## Goal of the exercise
Nothing but the lines below between the line holding "move=> M N eMN; apply/matrixP=> i j." and the line holding "by case: insub => [j'|]; rewrite ?mxE ?subr0.", inclusive, should appear in the answer, each set down exactly.

## Material to process
━━━━━━━━

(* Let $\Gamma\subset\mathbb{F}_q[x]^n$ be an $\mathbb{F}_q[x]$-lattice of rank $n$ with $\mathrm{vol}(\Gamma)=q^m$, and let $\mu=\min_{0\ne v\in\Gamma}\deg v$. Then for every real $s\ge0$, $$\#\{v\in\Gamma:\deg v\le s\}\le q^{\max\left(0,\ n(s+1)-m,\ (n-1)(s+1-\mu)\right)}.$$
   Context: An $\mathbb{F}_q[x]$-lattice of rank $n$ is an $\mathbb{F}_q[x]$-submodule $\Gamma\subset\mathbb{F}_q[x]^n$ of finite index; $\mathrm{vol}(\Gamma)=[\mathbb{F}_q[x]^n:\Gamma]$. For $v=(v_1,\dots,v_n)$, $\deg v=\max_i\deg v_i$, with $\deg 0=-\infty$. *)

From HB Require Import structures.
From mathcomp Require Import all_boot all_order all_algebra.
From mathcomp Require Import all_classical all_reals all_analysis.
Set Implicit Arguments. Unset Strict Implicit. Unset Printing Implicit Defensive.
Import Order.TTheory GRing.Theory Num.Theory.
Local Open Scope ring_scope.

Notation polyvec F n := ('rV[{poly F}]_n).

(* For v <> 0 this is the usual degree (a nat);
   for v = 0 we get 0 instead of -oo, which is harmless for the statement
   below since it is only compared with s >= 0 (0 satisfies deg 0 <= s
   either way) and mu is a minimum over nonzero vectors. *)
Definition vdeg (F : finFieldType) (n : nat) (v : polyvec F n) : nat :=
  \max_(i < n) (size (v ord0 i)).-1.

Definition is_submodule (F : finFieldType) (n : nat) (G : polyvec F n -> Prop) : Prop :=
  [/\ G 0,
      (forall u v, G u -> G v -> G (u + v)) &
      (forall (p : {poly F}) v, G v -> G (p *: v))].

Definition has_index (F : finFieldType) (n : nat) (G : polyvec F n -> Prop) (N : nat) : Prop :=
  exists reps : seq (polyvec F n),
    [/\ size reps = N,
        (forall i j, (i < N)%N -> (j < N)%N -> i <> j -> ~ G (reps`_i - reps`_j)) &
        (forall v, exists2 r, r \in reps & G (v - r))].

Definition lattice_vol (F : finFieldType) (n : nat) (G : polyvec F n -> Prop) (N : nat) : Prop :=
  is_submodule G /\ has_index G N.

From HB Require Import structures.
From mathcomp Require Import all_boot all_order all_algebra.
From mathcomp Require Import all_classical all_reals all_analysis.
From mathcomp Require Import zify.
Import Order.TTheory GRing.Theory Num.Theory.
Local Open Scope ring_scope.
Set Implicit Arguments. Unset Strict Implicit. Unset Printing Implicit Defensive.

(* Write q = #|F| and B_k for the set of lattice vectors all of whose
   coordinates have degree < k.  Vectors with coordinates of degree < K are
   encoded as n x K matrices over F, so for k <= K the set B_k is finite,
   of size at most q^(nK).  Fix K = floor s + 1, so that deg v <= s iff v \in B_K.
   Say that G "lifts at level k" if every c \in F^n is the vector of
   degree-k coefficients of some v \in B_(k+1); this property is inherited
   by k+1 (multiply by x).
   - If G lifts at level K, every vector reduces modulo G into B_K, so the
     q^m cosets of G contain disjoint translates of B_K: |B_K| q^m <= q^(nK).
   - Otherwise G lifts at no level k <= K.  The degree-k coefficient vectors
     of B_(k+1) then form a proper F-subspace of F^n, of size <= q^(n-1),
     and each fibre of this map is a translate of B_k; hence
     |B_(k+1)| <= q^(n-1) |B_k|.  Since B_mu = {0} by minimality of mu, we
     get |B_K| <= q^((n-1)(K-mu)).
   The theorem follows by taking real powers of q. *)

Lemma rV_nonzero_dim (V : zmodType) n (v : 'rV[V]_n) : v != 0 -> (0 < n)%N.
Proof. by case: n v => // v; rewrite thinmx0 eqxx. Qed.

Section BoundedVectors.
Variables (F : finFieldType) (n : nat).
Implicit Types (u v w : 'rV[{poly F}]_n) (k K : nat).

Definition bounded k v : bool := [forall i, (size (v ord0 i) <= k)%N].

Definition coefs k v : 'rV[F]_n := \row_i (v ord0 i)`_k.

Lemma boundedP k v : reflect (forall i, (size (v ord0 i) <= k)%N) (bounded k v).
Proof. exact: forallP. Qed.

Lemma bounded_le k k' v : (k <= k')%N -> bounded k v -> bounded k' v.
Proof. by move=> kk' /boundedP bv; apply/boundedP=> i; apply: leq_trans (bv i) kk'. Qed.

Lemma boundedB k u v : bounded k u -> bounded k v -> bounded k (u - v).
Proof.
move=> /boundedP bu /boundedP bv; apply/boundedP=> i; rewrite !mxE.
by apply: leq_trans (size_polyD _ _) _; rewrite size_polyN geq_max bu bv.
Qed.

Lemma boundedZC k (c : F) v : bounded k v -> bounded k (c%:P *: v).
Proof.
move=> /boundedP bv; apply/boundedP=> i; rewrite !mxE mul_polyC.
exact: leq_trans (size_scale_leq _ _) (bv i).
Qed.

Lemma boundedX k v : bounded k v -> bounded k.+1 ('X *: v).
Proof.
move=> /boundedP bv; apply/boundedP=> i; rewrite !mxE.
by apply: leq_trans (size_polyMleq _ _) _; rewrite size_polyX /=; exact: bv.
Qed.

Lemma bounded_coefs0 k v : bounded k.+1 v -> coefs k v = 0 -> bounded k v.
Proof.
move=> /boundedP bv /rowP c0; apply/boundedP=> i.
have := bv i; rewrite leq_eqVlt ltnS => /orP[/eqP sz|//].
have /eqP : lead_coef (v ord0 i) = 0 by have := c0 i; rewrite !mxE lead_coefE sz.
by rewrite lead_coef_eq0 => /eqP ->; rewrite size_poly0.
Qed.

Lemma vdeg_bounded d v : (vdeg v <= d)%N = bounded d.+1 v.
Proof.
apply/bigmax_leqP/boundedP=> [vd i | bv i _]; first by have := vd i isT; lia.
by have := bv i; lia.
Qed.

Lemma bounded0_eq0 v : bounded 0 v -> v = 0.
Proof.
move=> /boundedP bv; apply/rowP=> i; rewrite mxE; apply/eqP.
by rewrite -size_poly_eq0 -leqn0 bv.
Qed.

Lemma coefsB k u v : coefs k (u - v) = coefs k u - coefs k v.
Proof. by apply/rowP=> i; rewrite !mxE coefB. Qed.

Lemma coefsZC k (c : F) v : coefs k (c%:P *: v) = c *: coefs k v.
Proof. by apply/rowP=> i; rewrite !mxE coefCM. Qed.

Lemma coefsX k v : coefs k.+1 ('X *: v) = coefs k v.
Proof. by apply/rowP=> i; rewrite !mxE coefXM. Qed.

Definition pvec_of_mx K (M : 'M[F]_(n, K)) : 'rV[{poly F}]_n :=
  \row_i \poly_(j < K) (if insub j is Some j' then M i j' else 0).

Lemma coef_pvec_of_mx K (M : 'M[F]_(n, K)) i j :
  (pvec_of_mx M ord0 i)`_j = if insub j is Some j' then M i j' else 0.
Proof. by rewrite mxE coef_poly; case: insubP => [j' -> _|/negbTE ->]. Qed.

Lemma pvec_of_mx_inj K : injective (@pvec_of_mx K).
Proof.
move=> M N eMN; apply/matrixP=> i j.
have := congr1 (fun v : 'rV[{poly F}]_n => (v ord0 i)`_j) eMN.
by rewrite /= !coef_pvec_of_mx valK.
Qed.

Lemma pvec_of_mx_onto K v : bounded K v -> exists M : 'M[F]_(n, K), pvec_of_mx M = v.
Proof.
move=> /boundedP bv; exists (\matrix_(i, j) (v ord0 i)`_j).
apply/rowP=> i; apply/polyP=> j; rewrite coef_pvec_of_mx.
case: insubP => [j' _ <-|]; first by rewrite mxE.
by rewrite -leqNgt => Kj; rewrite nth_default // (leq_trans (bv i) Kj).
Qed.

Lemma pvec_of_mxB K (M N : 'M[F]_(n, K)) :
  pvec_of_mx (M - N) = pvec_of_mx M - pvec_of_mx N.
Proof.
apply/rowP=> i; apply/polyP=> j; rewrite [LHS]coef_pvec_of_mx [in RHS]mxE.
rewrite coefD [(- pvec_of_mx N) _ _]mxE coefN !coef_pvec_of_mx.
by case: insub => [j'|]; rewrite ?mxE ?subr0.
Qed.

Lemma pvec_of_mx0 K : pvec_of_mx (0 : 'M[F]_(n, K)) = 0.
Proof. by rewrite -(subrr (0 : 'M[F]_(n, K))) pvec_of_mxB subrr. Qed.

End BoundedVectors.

━━━━━━━━

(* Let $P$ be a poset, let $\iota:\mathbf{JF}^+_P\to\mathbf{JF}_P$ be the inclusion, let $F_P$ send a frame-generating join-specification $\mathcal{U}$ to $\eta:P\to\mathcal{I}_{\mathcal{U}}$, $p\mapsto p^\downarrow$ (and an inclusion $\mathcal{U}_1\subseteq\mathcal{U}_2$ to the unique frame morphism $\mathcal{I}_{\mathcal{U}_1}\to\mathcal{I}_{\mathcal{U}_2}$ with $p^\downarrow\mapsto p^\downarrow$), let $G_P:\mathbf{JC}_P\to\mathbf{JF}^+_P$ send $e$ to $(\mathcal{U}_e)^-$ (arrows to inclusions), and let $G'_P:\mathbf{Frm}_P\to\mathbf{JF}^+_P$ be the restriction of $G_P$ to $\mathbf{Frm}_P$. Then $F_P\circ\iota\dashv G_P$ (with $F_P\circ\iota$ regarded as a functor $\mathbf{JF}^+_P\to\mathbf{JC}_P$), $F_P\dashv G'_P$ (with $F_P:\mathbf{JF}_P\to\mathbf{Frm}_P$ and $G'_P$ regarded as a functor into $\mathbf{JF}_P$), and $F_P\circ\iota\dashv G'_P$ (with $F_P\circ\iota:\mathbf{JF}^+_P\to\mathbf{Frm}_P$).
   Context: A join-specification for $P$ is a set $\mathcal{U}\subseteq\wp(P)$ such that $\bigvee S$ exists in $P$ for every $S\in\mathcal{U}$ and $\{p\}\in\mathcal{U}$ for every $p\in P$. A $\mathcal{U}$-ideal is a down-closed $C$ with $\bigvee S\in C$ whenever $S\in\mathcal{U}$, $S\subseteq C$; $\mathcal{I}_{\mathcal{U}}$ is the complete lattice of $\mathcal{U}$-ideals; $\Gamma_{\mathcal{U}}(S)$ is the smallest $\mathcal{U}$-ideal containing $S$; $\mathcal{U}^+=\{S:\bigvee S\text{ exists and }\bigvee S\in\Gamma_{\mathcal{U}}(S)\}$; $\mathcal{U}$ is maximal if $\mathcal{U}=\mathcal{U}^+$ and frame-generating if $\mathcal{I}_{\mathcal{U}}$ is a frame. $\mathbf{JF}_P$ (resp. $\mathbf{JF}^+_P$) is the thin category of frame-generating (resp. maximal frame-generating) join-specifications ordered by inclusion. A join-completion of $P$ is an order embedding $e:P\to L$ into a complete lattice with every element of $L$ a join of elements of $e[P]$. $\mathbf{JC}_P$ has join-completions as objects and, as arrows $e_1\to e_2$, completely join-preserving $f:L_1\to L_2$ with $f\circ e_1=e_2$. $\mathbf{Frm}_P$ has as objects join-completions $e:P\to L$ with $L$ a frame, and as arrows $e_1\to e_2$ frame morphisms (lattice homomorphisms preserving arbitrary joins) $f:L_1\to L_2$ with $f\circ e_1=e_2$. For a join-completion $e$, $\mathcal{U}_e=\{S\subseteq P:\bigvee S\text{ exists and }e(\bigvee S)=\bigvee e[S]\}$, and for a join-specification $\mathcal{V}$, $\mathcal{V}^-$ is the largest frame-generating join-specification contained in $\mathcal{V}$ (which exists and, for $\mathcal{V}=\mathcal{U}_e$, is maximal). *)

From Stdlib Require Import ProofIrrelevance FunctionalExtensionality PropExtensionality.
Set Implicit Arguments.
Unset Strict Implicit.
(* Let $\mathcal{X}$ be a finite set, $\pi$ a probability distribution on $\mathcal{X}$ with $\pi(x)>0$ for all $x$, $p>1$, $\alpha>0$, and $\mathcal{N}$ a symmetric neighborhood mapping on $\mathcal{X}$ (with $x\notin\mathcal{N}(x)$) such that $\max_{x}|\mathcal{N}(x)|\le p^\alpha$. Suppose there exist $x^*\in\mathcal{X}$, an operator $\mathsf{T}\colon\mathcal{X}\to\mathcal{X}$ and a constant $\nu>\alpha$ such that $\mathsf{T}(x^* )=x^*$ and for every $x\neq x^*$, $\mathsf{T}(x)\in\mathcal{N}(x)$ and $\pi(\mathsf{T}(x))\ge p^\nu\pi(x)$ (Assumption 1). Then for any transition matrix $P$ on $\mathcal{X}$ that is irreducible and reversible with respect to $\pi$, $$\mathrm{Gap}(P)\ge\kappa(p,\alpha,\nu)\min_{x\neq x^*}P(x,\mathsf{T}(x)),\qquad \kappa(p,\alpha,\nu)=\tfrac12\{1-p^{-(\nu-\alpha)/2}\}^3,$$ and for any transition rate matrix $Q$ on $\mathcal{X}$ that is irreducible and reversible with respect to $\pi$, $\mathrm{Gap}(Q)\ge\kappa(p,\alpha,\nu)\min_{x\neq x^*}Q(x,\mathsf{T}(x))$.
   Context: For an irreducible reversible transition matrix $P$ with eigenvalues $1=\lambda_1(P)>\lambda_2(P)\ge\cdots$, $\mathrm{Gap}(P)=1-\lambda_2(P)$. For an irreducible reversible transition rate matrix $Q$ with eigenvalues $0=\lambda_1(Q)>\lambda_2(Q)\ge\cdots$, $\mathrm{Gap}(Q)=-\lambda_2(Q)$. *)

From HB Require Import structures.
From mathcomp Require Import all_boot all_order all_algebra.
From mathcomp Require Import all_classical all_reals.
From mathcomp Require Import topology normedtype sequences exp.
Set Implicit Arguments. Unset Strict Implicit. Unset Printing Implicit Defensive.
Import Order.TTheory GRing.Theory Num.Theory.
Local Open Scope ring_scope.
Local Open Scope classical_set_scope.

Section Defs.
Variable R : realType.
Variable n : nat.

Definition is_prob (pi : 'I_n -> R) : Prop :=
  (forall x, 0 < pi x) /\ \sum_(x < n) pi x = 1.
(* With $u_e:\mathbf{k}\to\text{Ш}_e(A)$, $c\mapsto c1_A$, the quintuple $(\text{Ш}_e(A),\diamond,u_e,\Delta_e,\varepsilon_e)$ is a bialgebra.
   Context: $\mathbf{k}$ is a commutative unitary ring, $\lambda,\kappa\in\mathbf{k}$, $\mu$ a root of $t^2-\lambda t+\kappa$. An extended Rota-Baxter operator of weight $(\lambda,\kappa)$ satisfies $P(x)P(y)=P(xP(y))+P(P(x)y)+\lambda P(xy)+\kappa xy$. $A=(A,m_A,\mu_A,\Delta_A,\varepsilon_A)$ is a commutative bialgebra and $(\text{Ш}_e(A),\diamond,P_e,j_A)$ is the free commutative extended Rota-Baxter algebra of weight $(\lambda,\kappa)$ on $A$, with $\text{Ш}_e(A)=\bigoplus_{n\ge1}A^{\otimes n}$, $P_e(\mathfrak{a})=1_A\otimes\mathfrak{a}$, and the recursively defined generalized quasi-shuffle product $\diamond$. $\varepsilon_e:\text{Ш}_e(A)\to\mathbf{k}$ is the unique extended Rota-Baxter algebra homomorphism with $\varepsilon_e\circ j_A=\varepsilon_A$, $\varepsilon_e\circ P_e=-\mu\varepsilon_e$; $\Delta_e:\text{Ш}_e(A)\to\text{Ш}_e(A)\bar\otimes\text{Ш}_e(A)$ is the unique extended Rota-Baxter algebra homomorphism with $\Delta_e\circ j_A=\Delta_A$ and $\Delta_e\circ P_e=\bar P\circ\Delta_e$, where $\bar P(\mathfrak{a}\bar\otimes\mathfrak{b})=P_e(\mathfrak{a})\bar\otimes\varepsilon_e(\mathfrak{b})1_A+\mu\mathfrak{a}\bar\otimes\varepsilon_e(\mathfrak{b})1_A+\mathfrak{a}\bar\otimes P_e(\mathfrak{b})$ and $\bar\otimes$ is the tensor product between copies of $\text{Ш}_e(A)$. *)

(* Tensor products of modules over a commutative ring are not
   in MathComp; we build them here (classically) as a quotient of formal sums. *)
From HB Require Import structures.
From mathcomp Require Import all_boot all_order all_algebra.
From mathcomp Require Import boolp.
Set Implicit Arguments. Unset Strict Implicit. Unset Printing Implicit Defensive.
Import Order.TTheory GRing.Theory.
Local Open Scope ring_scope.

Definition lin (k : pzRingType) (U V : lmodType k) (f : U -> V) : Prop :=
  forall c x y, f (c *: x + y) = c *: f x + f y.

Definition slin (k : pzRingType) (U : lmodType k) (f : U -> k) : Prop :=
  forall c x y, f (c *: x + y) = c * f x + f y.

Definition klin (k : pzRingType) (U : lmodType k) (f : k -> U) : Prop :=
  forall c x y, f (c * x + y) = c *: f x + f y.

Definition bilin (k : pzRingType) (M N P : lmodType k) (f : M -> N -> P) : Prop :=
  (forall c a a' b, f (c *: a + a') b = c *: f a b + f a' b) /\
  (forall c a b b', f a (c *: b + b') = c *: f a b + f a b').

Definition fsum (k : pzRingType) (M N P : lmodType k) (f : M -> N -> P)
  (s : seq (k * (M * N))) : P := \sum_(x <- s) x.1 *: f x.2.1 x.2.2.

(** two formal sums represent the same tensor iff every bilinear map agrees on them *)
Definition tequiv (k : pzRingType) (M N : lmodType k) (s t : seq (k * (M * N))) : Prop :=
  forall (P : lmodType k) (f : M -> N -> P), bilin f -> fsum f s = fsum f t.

━━━━━━━━

## Output below
move=> M N eMN; apply/matrixP=> i j.
have := congr1 (fun v : 'rV[{poly F}]_n => (v ord0 i)`_j) eMN.
by rewrite /= !coef_pvec_of_mx valK.
Qed.

Lemma pvec_of_mx_onto K v : bounded K v -> exists M : 'M[F]_(n, K), pvec_of_mx M = v.
Proof.
move=> /boundedP bv; exists (\matrix_(i, j) (v ord0 i)`_j).
apply/rowP=> i; apply/polyP=> j; rewrite coef_pvec_of_mx.
case: insubP => [j' _ <-|]; first by rewrite mxE.
by rewrite -leqNgt => Kj; rewrite nth_default // (leq_trans (bv i) Kj).
Qed.

Lemma pvec_of_mxB K (M N : 'M[F]_(n, K)) :
  pvec_of_mx (M - N) = pvec_of_mx M - pvec_of_mx N.
Proof.
apply/rowP=> i; apply/polyP=> j; rewrite [LHS]coef_pvec_of_mx [in RHS]mxE.
rewrite coefD [(- pvec_of_mx N) _ _]mxE coefN !coef_pvec_of_mx.
by case: insub => [j'|]; rewrite ?mxE ?subr0.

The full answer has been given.